С тех древних времен и поныне живо это заблуждение; все мы во власти обмана. Люди думают, что Услада осталась с ними на земле, а оно вовсе не так, остались только ее наряд и облик, под которыми скрыта Досада. Ежели ты, читатель, думаешь или предполагаешь иное, ты далек от истины. Хочешь убедиться? Слушай же.

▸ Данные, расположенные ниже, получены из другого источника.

Ltac solve_continuous :=
  unfold Rdiv, Rminus;
  repeat match goal with
  | |- continuous (fun _ => ?c) ?x => apply (continuous_const c x)
  | |- continuous (fun y => y) ?x => apply (continuous_id x)
  | |- continuous (fun y => @?f y ^ ?n) ?x => apply (continuous_Rpow f n x)
  | |- continuous (fun y => sqrt (@?f y)) ?x => apply (continuous_sqrt_comp f x)
  | |- continuous (fun y => Rabs (@?f y)) ?x => apply (continuous_Rabs_comp f x)
  | |- continuous (fun y => @?f y + @?g y) ?x => apply (continuous_Rplus f g x)
  | |- continuous (fun y => - @?f y) ?x => apply (continuous_Ropp f x)
  | |- continuous (fun y => @?f y * @?g y) ?x => apply (continuous_Rmult f g x)
  | |- continuous (fun y => / @?f y) ?x => apply (continuous_Rinv_comp f x)
  end.

Lemma continuous_of_derivable (f f' : R -> R) (x : R) :
  derivable_pt_lim f x (f' x) -> continuous f x.
Proof.
  intros H. apply (ex_derive_continuous (V := R_NormedModule)).
  exists (f' x). apply is_derive_Reals, H.
Qed.

Lemma surf_integral_Sa_rotational (l a : R) (w D : R -> R) (g : R -> R -> R) (G : R -> R) :
  0 <= l -> (forall t th, 0 < t < l -> g t th * (a ^ 2 * D t * w t) = G t) ->
  ex_RInt G 0 l -> surf_integral_Sa l a w D g (2 * PI * RInt G 0 l).
Proof.
  intros Hl HG HexG.
  assert (Hrange : forall t, Rmin 0 l < t < Rmax 0 l -> 0 < t < l)
    by (rewrite Rmin_left, Rmax_right by lra; tauto).
  exists (fun _ => RInt G 0 l). split.
  - intros th _.
    assert (Hex : ex_RInt (fun t => g t th * (a ^ 2 * D t * w t)) 0 l)
      by (apply ex_RInt_ext with G; [intros t Ht; symmetry; apply HG, Hrange, Ht | exact HexG]).
    exists (ex_RInt_Reals_0 _ _ _ Hex). rewrite <- RInt_Reals.
    apply RInt_ext. intros t Ht. apply HG, Hrange, Ht.
  - exists (ex_RInt_Reals_0 _ _ _ (ex_RInt_const 0 (2 * PI) (RInt G 0 l))).
    rewrite <- RInt_Reals, RInt_const. cbn. unfold mult; cbn. ring.
Qed.

Lemma RInt_le_antiderivative (G H dH : R -> R) (a b : R) :
  a <= b -> ex_RInt G a b ->
  (forall t, a <= t <= b -> is_derive H t (dH t)) ->
  (forall t, a <= t <= b -> continuous dH t) ->
  (forall t, a < t < b -> G t <= dH t) ->
  RInt G a b <= H b - H a.
Proof.
  intros Hab HexG HH HdH Hle.
  assert (Hrange : forall t, Rmin a b <= t <= Rmax a b -> a <= t <= b)
    by (rewrite Rmin_left, Rmax_right by lra; tauto).
  assert (Hint : is_RInt dH a b (H b - H a)).
  { apply (is_RInt_derive H dH); intros t Ht; [apply HH | apply HdH]; apply Hrange, Ht. }
  rewrite <- (is_RInt_unique _ _ _ _ Hint).
  apply RInt_le; [exact Hab | exact HexG | eexists; exact Hint | exact Hle].
Qed.

Lemma surf_integral_bound (l a B : R) (w D : R -> R) (g : R -> R -> R) (G H dH : R -> R) :
  0 < l ->
  (forall t th, 0 < t < l -> g t th * (a ^ 2 * D t * w t) = G t) ->
  (forall t, 0 <= t <= l -> continuous G t) ->
  (forall t, 0 <= t <= l -> is_derive H t (dH t)) ->
  (forall t, 0 <= t <= l -> continuous dH t) ->
  (forall t, 0 < t < l -> G t <= dH t) ->
  H l - H 0 <= B ->
  exists I, surf_integral_Sa l a w D g I /\ I <= 2 * PI * B.
Proof.
  intros Hl HG HGc HH HdH Hle HB.
  assert (HexG : ex_RInt G 0 l)
    by (apply (ex_RInt_continuous (V := R_CompleteNormedModule)); rewrite Rmin_left, Rmax_right by lra; exact HGc).
  exists (2 * PI * RInt G 0 l). split.
  - apply surf_integral_Sa_rotational; [lra | exact HG | exact HexG].
  - pose proof (RInt_le_antiderivative G H dH 0 l ltac:(lra) HexG HH HdH Hle).
    pose proof PI_RGT_0. nra.
Qed.
(* Let $\Gamma$ be a finitely generated group equipped with the word metric associated with a finite generating set. Then $\Gamma$ has exponential growth if and only if $h_\infty(\Gamma)=\infty$ (and otherwise $h_\infty(\Gamma)=0$).
   Context: The word metric associated with a generating set $S$ is the path metric of the Cayley graph with vertex set $\Gamma$ and edges $\{\gamma,\gamma s\}$, $s\in S$. Non-decreasing functions $f,g\colon\mathbb N\to\mathbb N\cup\{\infty\}$ are equivalent if there is $D\in\mathbb N$ with $f(r)\le Dg(Dr)$ and $g(r)\le Df(Dr)$ for all $r$; $\Gamma$ has exponential growth if $r\mapsto|B(e,r)|$ is equivalent to $r\mapsto\exp(r)$. Coarse entropy $h_\infty(X)=\lim_{\delta\to\infty}\lim_{R\to\infty}\limsup_{n\to\infty}\frac1n\log s(n,R,\delta,x_0)$, where $s(n,R,\delta,x_0)$ is the supremum of cardinalities of $R$-separated sets of $\delta$-paths $(x_0,\dots,x_n)$ ($d(x_i,x_{i+1})\le\delta$) starting at $x_0$, paths compared by $\max_i d(x_i,y_i)$. *)

From HB Require Import structures.
From mathcomp Require Import all_boot all_order all_algebra.
From mathcomp Require Import finmap.
From mathcomp Require Import all_classical all_reals all_analysis.

Set Implicit Arguments.
Unset Strict Implicit.
Unset Printing Implicit Defensive.

Import Order.TTheory GRing.Theory Num.Theory.
Local Open Scope classical_set_scope.
Local Open Scope ring_scope.

Section CoarseEntropy.
Variable G : groupType.
(* Let $V\subseteq\{0,1\}^n$ be nonempty and let $\preceq$ be the lexicographic term order with $x_1\succ x_2\succ\cdots\succ x_n$. Then \[ \mathcal{S}_{\mathsf{lex}}(V)=\mathcal{S}_{\mathsf{lex}}(V^0)\cup\mathcal{S}_{\mathsf{lex}}(V^1)\cup\big(n\ast(\mathcal{S}_{\mathsf{lex}}(V^0)\cap\mathcal{S}_{\mathsf{lex}}(V^1))\big). \]
   Context: For $a\in\{0,1\}$, $V^a=\{v\in\{0,1\}^{n-1}:(v,a)\in V\}$. For $W\subseteq\{0,1\}^k$, $\mathcal{S}_{\mathsf{lex}}(W)=\{\tau\subseteq[k]:\prod_{i\in\tau}x_i\notin\mathrm{in}(I(W))\}$, where $I(W)\subseteq\mathbb{R}[x_1,\dots,x_k]$ is the vanishing ideal and the initial ideal is with respect to lexicographic order $x_1\succ\cdots\succ x_k$ (so $\mathcal{S}_{\mathsf{lex}}(\emptyset)=\emptyset$). For a collection $K$ of subsets of $[n-1]$, $n\ast K=K\cup\{\sigma\cup\{n\}:\sigma\in K\}$. *)

From HB Require Import structures.
From mathcomp Require Import all_boot all_order all_algebra.
From mathcomp Require Import reals.
From mathcomp Require Import mpoly.

Set Implicit Arguments.
Unset Strict Implicit.
Unset Printing Implicit Defensive.

Import GRing.Theory.
Local Open Scope ring_scope.

Section Defs.
Variable R : realType.

(* Points of {0,1}^k: boolean vectors indexed by 'I_k (index i stands for x_{i+1}). *)
Definition pt k (v : {ffun 'I_k -> bool}) : 'I_k -> R := fun i => (v i)%:R.
(* The linear map $F:\mathcal{B}\to QSym$ defined on basis elements by $F(B)=F(P_B)$ (with $F(B_\emptyset)=1$) is a morphism of combinatorial Hopf algebras $(\mathcal{B},\zeta)\to(QSym,\zeta_Q)$; that is, $F$ is a morphism of graded Hopf algebras and $\zeta_Q\circ F=\zeta$. In particular $F(P_{B_1\sqcup B_2})=F(P_{B_1})F(P_{B_2})$ and $\Delta(F(P_B))=\sum_{I\subseteq V}F(P_{B|_I})\otimes F(P_{B/I})$.
   Context: A building set on a finite set $V$ is a collection $B$ of nonempty subsets of $V$ such that $\{v\}\in B$ for all $v\in V$ and such that $I,J\in B$, $I\cap J\neq\emptyset$ imply $I\cup J\in B$. It is connected if $V\in B$, and discrete if it consists only of the singletons. For $I\subseteq V$, the restriction is $B|_I=\{J\in B: J\subseteq I\}$ (a building set on $I$) and the contraction is $B/I=\{J\subseteq V\setminus I: J\neq\emptyset,\ J\in B\text{ or }J\cup I'\in B\text{ for some }I'\subseteq I\}$ (a building set on $V\setminus I$). The nestohedron of $B$ is the Minkowski sum $P_B=\sum_{I\in B}\mathrm{Conv}\{e_i: i\in I\}\subset\mathbb{R}^V$. For a convex polytope $Q\subset\mathbb{R}^V$, a function $f:V\to\mathbb{N}=\{1,2,\dots\}$ is $Q$-generic if the linear functional $x\mapsto\sum_{v\in V}f(v)x_v$ attains its maximum over $Q$ at a unique point. Set $F(Q)=\sum_{f\ Q\text{-generic}}\prod_{v\in V}x_{f(v)}$. For a composition $\alpha=(a_1,\dots,a_k)\models n$, $M_\alpha=\sum_{i_1<\dots<i_k}x_{i_1}^{a_1}\cdots x_{i_k}^{a_k}$, $M_{()}=1$. $\mathcal{B}$ is the Hopf algebra over a field $k$ with basis the isomorphism classes of building sets on finite sets, graded by ground set size, with product $B_1\cdot B_2=B_1\sqcup B_2$, coproduct $\Delta(B)=\sum_{I\subseteq V}B|_I\otimes B/I$, unit the empty building set $B_\emptyset$ and counit $\epsilon(B_\emptyset)=1$, $\epsilon(B)=0$ otherwise. The character $\zeta:\mathcal{B}\to k$ is $\zeta(B)=1$ if $B$ is discrete (including $B_\emptyset$) and $0$ otherwise. $QSym$ is the usual Hopf algebra of quasisymmetric functions (coproduct $\Delta M_{(a_1,\dots,a_k)}=\sum_{j=0}^k M_{(a_1,\dots,a_j)}\otimes M_{(a_{j+1},\dots,a_k)}$), and $\zeta_Q:QSym\to k$ is the character with $\zeta_Q(M_\alpha)=1$ if $\alpha=()$ or $\alpha$ has a single part, and $0$ otherwise. *)

From HB Require Import structures.
From mathcomp Require Import all_boot all_order all_algebra.
From Stdlib Require Import ClassicalEpsilon.
Set Implicit Arguments. Unset Strict Implicit. Unset Printing Implicit Defensive.
Import Order.TTheory GRing.Theory Num.Theory.
Local Open Scope ring_scope.

Definition pbool (P : Prop) : bool :=
  if excluded_middle_informative P then true else false.

Definition building_set (V : finType) (B : {set {set V}}) : Prop :=
  (forall I, I \in B -> I != set0) /\
  (forall v : V, [set v] \in B) /\
  (forall I J, I \in B -> J \in B -> I :&: J != set0 -> I :|: J \in B).

Definition restr (V : finType) (B : {set {set V}}) (I : {set V})
  : {set {set {v : V | v \in I}}} :=
  [set J : {set {v : V | v \in I}} | [set val x | x in J] \in B].

Definition contr (V : finType) (B : {set {set V}}) (I : {set V})
  : {set {set {v : V | v \notin I}}} :=
  [set J : {set {v : V | v \notin I}} |
     (J != set0) &&
     (([set val x | x in J] \in B) ||
      [exists I' : {set V}, (I' \subset I) && ([set val x | x in J] :|: I' \in B)])].

Definition dunion (V1 V2 : finType) (B1 : {set {set V1}}) (B2 : {set {set V2}})
  : {set {set (V1 + V2)%type}} :=
  [set [set (@inl V1 V2) x | x in I] | I : {set V1} in B1] :|:
  [set [set (@inr V1 V2) x | x in J] | J : {set V2} in B2].

Definition discrete (V : finType) (B : {set {set V}}) : bool :=
  B == [set [set v] | v : V].

Definition evec (V : finType) (i : V) : V -> rat := fun v => (i == v)%:R.

Definition in_conv (V : finType) (A : {set V}) (p : V -> V -> rat) (x : V -> rat) : Prop :=
  exists l : V -> rat,
    (forall i, i \in A -> 0 <= l i) /\ \sum_(i in A) l i = 1 /\
    forall v, x v = \sum_(i in A) l i * p i v.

Вообрази себе празднества, увеселения, пирушки, пляски, музыку, утехи и забавы – все, к чему тебя влечет, – и нарисуй все это таким прекрасным, каким только пожелаешь. Я спрошу тебя, куда идешь, и ты можешь с гордостью ответить мне: «На празднество наслаждения». От души пожелаю, чтобы ты испытал его. Ведь там роскошно цветут сады, журчат серебристые ручейки, фонтаны рассыпают бисер и жемчуг, веселя душу. Но скажи, удалось ли тебе попировать так, чтобы солнце не палило и ветер не дул? Удовлетворил ты свои желания и повеселился всласть? Встретили тебя радушно и ласково? Ведь нет такого наслаждения, к коему не примешалась бы досада. А ежели и обошлось без неприятности, то, когда вернешься домой и ляжешь в постель, непременно будешь чувствовать себя утомленным, запыленным, потным, пресыщенным, простуженным или сердитым, впадешь в меланхолию или захвораешь, а то и вовсе с ума сойдешь либо помрешь. Тягчайшие беды нас постигают как раз среди величайших удовольствий, кои обычно лишь преддверие и канун слез. Нет, даже кануном их не назову; между радостью и слезами не пройдет и ночи, но тут же, в самом разгаре своего поклонения Усладе, ты прольешь слезы – на больший срок тебе не поверят. Ну как? Теперь признаешь, что тебя обманула одежда богини и ослепила ее личина? Ты-то думал, будто там Услада, а это всего лишь ее облачение, в котором скрыта Досада. Теперь тебе ясно, что на земле нет услады и что истинная услада лишь в небесах? Итак, в ожидании небесной не ищи земной.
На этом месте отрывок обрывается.